**TASK INSTRUCTIONS:** The answer is to be an exact copy of the lines below running from the line with "by apply: int_spanN;" down to the line with "have rep_ex a", both ends included, and nothing more.

**DATA FOR THIS EXERCISE:**

Lemma exists_independent_generator : (exists t, v t != 0) ->
  exists (J : {set T}) j0,
    [/\ j0 \in J, forall t, int_span J (v t) & ~ int_span (J :\ j0) (v j0)].
Proof.
move=> [t0 vt0].
have gen_setT :
    exists k, `[< exists J : {set T}, #|J| = k /\ forall t, int_span J (v t) >].
  exists #|T|; apply/asboolP; exists setT; split=> [|t]; first exact: cardsT.
  by apply: int_span_mem; rewrite inE.
case: (ex_minnP gen_setT) => _ /asboolP[J [<- genJ]] minJ.
have [j0 j0J] : exists j0, j0 \in J.
  case: (pickP (mem J)) => [j jJ|J0]; first by exists j.
  by case: (genJ t0) => n vt0E; rewrite vt0E big_pred0 ?eqxx in vt0.
exists J, j0; split=> // genJ0.
have : (#|J| <= #|J :\ j0|)%N.
  apply/minJ/asboolP; exists (J :\ j0); split=> // t.
  apply: int_span_trans (genJ t) => j jJ; have [->|ne] := eqVneq j j0; first exact: genJ0.
  by apply: int_span_mem; rewrite !inE ne.
by rewrite (cardsD1 j0 J) j0J ltnn.
Qed.

(* The relations n form an ideal e Z with e <> 1: take p | e (any p if e = 0). *)
Lemma exists_prime_dvd_relations K a : ~ int_span K a ->
  exists2 p, prime p & forall n, int_span K (a *~ n) -> (p %| n)%Z.
Proof.
move=> Ka.
have [[n [nz Kan]]|] := EM (exists n, n != 0 /\ int_span K (a *~ n)); last first.
  move=> /forallNP noRel; exists 2%N => // n Kan.
  by have [->|nz] := eqVneq n 0; last by case: (noRel n).
have pos_rel : exists k, `[< (0 < k)%N /\ int_span K (a *~ k) >].
  exists `|n|%N; apply/asboolP; split; first by rewrite absz_gt0.
  have [n_ge0|n_lt0] := lerP 0 n; first by rewrite gez0_abs.
  by rewrite ltz0_abs // mulrNz; apply: int_spanN.
case: (ex_minnP pos_rel) => e /asboolP[e_gt0 Kae] mine.
have e_gt1 : (1 < e)%N.
  rewrite ltn_neqAle e_gt0 andbT; apply/eqP=> e1.
  by apply: Ka; rewrite -e1 mulr1z in Kae.
exists (pdiv e); first exact: pdiv_prime.
move=> m Kam; apply: (@dvdz_trans e); first by rewrite dvdzE pdiv_dvd.
have Kar : int_span K (a *~ (m %% e)%Z).
  rewrite /modz mulrzBr mulrC mulrzA.
  by apply: int_spanB => //; apply: int_spanMz.
apply/dvdz_mod0P; apply: contraTeq (ltz_pmod m (e_gt0 : 0 < e%:Z)) => rnz.
rewrite -leNgt -[(m %% e)%Z]gez0_abs ?modz_ge0 ?lez_nat //; last by rewrite -lt0n.
by apply/mine/asboolP; split; rewrite ?absz_gt0 ?gez0_abs ?modz_ge0 // -lt0n.
Qed.

Lemma relation_coef_int_span (J : {set T}) j0 (n : T -> int) : j0 \in J ->
  \sum_(t in J) v t *~ n t = 0 -> int_span (J :\ j0) (v j0 *~ n j0).
Proof.
move=> j0J; rewrite (bigD1 j0) //= => /eqP; rewrite addr_eq0 => /eqP ->.
by apply: int_spanN; exists n; apply: eq_bigl => t; rewrite !inE andbC.
Qed.

Lemma exists_Fp_morph : (exists t, v t != 0) ->
  exists2 p, prime p & exists phi : A -> 'F_p,
    (forall a b, int_span setT a -> int_span setT b -> phi (a + b) = phi a + phi b)
    /\ exists t, phi (v t) != 0.
Proof.
move=> /exists_independent_generator[J [j0 [j0J genJ indep_j0]]].
have [p p_pr dvd_rel] := exists_prime_dvd_relations indep_j0.
have rep_ex a : exists n : T -> int, int_span J a -> a = \sum_(t in J) v t *~ n t.
  by have [[n aE]|nspan] := EM (int_span J a); [exists n | exists (fun _ => 0)].
have [rep repE] := choice rep_ex.
pose phi a : 'F_p := (rep a j0)%:~R.
have phiE a n : a = \sum_(t in J) v t *~ n t -> phi a = (n j0)%:~R.
  move=> aE; apply/eqP; rewrite -subr_eq0 -intrB -(dvdz_pcharf (pchar_Fp p_pr)).
  apply/dvd_rel/(@relation_coef_int_span _ _ (fun t => rep a t - n t)) => //.
  rewrite (eq_bigr (fun t => v t *~ rep a t - v t *~ n t)) => [|t _]; last exact: mulrzBr.
  by rewrite sumrB -aE -repE ?subrr //; exists n.
exists p => //; exists phi; split=> [a b spa spb|].
- have [m aE] := int_span_trans (fun j _ => genJ j) spa.
  have [n bE] := int_span_trans (fun j _ => genJ j) spb.
  rewrite (phiE a m aE) (phiE b n bE) (phiE _ (fun t => m t + n t)) ?intrD // aE bE.
  by rewrite -big_split; apply: eq_bigr => t _; rewrite mulrzDr.
- by exists j0; rewrite (phiE _ _ (esym (sum_mulrz_delta j0J))) eqxx oner_eq0.
Qed.

End IntSpan.

Section Pushforward.
Variables (Q : finType) (op : Q -> Q -> Q) (A C : zmodType).
Variables (s : Q -> Q -> A) (phi : A -> C).
Hypothesis phiD : forall a b, int_span (uncurry s) setT a ->
  int_span (uncurry s) setT b -> phi (a + b) = phi a + phi b.

Lemma int_span_cocycle x y : int_span (uncurry s) setT (s x y).
Proof. exact: (@int_span_mem _ _ _ _ (x, y)). Qed.
Local Hint Resolve int_span_cocycle : core.

Lemma morph_on_span0 : phi 0 = 0.
Proof.
have := phiD (int_span0 _ _) (int_span0 _ _); rewrite addr0.
by move/(congr1 (fun z => z - phi 0)); rewrite subrr addrK.
Qed.

Lemma cocycle_comp : quandle_cocycle op s -> quandle_cocycle op (fun x y => phi (s x y)).
Proof.
case=> sD sxx; split=> [x y z|x]; last by rewrite sxx morph_on_span0.
by rewrite -phiD // sD phiD.
Qed.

**TASK RESPONSE:**
by apply: int_spanN; exists n; apply: eq_bigl => t; rewrite !inE andbC.
Qed.

Lemma exists_Fp_morph : (exists t, v t != 0) ->
  exists2 p, prime p & exists phi : A -> 'F_p,
    (forall a b, int_span setT a -> int_span setT b -> phi (a + b) = phi a + phi b)
    /\ exists t, phi (v t) != 0.
Proof.
move=> /exists_independent_generator[J [j0 [j0J genJ indep_j0]]].
have [p p_pr dvd_rel] := exists_prime_dvd_relations indep_j0.
have rep_ex a : exists n : T -> int, int_span J a -> a = \sum_(t in J) v t *~ n t.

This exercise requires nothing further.